### Stored data
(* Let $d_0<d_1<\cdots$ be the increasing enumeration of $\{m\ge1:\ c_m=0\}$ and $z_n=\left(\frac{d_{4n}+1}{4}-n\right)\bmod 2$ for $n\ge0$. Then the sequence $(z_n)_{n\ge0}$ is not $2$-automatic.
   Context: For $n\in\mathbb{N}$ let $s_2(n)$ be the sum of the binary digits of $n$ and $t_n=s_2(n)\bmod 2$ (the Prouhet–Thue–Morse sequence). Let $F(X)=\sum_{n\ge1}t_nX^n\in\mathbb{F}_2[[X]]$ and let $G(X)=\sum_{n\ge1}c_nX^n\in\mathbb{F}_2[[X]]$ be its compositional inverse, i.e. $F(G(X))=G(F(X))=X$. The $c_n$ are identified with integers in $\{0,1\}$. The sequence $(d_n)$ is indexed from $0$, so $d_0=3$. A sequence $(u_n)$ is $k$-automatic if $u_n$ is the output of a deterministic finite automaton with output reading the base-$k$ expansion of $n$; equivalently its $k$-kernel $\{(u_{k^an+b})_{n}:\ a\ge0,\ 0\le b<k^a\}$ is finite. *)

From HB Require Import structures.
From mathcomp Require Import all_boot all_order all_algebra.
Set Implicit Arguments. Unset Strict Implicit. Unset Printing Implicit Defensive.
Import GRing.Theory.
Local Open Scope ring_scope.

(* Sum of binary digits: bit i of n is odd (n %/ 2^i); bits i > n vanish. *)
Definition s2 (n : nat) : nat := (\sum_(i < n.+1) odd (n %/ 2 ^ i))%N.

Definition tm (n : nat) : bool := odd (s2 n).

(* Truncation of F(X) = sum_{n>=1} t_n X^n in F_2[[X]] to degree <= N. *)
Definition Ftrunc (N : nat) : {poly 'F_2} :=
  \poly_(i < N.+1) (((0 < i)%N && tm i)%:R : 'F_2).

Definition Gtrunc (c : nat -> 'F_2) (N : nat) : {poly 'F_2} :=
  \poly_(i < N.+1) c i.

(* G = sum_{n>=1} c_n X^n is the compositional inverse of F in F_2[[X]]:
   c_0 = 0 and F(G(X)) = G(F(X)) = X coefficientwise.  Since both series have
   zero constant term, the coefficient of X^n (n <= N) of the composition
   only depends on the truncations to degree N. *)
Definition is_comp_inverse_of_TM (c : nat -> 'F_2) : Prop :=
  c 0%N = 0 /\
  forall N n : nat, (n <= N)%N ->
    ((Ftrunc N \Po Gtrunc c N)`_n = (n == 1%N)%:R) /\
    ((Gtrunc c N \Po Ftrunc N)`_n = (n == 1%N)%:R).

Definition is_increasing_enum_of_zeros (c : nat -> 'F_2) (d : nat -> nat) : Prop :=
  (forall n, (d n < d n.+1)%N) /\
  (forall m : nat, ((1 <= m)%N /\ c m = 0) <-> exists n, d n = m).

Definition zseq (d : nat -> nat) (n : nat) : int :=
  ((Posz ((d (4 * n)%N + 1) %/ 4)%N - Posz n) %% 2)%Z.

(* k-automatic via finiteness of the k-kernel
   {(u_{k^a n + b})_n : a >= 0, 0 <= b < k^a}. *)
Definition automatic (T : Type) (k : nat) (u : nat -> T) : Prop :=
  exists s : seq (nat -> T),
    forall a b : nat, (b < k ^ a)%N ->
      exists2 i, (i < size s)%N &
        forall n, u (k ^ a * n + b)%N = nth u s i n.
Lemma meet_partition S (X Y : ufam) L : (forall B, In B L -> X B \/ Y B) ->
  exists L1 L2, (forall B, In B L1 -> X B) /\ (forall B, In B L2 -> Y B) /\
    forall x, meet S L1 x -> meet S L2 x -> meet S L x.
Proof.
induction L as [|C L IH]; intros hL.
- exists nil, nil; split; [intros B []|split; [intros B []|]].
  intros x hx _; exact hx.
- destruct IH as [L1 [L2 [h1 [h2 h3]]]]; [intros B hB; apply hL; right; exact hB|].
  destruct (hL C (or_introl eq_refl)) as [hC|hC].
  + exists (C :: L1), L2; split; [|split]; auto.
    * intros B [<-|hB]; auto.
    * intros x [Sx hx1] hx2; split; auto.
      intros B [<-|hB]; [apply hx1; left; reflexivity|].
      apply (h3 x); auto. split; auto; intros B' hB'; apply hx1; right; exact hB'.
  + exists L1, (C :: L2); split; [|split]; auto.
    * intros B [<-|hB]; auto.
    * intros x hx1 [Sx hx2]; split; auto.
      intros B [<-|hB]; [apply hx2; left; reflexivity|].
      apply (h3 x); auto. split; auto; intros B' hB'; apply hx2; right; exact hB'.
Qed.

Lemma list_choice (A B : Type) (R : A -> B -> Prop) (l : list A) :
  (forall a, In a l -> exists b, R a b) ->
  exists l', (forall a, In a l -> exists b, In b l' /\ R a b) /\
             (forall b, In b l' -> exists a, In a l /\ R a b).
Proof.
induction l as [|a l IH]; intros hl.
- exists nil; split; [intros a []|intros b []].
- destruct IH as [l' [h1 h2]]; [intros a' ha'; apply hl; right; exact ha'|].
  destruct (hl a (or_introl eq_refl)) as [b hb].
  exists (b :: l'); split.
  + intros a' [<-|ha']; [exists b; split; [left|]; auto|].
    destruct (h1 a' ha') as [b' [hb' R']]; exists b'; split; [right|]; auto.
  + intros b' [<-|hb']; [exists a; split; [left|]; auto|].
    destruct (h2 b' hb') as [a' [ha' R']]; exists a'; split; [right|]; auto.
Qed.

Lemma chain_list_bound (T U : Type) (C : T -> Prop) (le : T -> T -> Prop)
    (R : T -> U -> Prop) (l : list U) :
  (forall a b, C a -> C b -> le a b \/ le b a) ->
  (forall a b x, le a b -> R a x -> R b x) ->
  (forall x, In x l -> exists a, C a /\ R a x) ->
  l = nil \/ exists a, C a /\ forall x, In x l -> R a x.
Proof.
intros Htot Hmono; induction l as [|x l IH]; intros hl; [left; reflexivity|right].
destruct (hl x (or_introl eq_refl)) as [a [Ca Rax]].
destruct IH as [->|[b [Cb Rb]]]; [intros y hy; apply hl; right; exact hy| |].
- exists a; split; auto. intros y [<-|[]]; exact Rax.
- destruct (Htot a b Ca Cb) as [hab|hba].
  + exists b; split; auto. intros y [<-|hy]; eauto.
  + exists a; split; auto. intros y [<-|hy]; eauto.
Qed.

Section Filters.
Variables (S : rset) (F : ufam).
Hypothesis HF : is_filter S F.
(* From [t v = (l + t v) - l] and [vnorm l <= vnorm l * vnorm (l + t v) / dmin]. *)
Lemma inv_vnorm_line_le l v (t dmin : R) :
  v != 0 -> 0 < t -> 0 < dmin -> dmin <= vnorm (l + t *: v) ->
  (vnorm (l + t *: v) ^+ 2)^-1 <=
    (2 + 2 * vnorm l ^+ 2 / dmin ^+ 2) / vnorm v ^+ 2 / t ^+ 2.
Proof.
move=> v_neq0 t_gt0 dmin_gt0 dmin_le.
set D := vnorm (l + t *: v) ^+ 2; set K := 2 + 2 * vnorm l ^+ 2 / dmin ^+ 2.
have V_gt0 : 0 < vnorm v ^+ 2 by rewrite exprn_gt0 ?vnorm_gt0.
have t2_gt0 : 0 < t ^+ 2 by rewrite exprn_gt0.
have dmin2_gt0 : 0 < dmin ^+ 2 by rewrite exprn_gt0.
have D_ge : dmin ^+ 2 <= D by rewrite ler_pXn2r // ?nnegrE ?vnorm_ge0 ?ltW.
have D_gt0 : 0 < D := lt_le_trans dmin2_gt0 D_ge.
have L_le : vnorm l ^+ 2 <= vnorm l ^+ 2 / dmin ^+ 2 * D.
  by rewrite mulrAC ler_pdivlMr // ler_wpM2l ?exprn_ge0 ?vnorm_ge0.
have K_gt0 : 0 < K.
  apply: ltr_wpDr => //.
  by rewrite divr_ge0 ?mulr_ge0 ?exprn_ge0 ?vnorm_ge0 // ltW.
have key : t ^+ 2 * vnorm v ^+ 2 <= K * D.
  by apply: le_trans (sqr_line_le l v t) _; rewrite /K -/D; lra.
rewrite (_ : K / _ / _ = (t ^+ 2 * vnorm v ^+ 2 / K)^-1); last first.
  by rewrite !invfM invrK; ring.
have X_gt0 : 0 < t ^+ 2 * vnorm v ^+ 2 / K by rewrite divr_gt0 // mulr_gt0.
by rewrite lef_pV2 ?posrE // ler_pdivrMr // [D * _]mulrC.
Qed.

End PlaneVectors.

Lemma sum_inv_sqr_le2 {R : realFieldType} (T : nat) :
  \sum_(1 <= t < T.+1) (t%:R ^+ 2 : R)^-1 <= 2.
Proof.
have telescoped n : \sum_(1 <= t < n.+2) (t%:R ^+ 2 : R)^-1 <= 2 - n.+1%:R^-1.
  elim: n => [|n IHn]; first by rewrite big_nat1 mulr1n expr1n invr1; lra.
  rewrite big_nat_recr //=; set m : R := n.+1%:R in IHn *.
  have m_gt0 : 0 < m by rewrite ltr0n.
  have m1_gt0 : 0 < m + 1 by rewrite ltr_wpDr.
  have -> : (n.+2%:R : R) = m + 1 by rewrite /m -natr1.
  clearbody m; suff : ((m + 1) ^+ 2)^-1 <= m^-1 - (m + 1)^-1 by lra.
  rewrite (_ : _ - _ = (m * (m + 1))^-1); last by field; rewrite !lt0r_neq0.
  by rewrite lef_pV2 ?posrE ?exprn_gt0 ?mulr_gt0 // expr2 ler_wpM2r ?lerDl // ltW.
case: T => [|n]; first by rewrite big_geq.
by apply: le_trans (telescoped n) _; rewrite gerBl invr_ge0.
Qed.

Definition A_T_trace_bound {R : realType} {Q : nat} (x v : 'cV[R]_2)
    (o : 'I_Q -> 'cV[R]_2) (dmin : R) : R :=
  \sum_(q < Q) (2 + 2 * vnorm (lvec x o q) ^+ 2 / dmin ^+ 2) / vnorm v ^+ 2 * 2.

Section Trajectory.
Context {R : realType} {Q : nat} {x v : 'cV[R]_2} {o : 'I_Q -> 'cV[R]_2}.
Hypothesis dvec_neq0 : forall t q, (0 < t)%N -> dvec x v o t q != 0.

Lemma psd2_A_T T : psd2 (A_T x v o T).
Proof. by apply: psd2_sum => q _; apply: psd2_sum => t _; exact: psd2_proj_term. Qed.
==
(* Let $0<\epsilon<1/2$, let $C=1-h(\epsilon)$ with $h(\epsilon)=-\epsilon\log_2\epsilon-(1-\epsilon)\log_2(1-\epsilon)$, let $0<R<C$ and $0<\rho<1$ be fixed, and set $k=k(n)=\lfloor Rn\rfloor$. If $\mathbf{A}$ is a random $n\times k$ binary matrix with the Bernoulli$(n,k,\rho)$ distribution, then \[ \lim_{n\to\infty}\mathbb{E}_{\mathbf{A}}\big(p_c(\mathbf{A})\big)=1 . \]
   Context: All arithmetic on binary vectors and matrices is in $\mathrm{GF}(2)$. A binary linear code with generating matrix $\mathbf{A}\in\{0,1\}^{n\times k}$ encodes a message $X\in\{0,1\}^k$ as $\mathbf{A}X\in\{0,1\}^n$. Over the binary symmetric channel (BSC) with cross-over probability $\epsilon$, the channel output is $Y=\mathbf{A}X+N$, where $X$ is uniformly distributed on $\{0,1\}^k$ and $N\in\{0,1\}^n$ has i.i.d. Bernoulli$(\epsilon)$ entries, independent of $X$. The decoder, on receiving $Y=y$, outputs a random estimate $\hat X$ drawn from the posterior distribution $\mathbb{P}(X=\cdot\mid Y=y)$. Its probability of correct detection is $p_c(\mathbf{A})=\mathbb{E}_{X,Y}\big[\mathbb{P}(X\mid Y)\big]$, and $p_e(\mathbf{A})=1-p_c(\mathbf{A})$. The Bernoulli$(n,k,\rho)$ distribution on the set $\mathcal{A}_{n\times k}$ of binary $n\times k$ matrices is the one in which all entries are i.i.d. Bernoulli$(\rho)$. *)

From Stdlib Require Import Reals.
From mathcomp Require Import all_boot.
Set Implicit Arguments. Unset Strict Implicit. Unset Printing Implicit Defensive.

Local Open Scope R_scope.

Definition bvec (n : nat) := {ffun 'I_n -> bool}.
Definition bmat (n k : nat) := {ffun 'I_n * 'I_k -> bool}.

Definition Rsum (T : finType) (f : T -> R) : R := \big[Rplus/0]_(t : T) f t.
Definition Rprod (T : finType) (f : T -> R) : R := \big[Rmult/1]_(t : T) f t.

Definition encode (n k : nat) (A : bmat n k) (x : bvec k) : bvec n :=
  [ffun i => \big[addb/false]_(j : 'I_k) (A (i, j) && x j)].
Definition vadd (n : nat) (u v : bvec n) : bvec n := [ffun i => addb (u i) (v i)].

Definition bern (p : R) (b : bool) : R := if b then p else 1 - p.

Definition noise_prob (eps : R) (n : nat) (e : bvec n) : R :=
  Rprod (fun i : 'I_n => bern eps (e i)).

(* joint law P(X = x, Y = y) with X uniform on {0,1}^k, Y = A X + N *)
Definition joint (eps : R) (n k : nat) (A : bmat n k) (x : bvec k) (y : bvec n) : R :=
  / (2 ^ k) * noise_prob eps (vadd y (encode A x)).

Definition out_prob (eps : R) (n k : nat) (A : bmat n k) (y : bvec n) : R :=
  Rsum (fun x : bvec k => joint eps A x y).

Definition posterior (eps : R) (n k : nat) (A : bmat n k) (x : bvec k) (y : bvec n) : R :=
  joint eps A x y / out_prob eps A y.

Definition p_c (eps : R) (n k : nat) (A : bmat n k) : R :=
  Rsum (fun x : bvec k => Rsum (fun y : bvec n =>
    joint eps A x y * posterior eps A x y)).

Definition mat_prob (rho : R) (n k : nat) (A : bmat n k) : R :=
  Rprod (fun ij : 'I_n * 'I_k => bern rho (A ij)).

### Directions for this task
Reproduce every line above containing "ffun".

### Answer to the exercise
Definition bvec (n : nat) := {ffun 'I_n -> bool}.
Definition bmat (n k : nat) := {ffun 'I_n * 'I_k -> bool}.
  [ffun i => \big[addb/false]_(j : 'I_k) (A (i, j) && x j)].
Definition vadd (n : nat) (u v : bvec n) : bvec n := [ffun i => addb (u i) (v i)].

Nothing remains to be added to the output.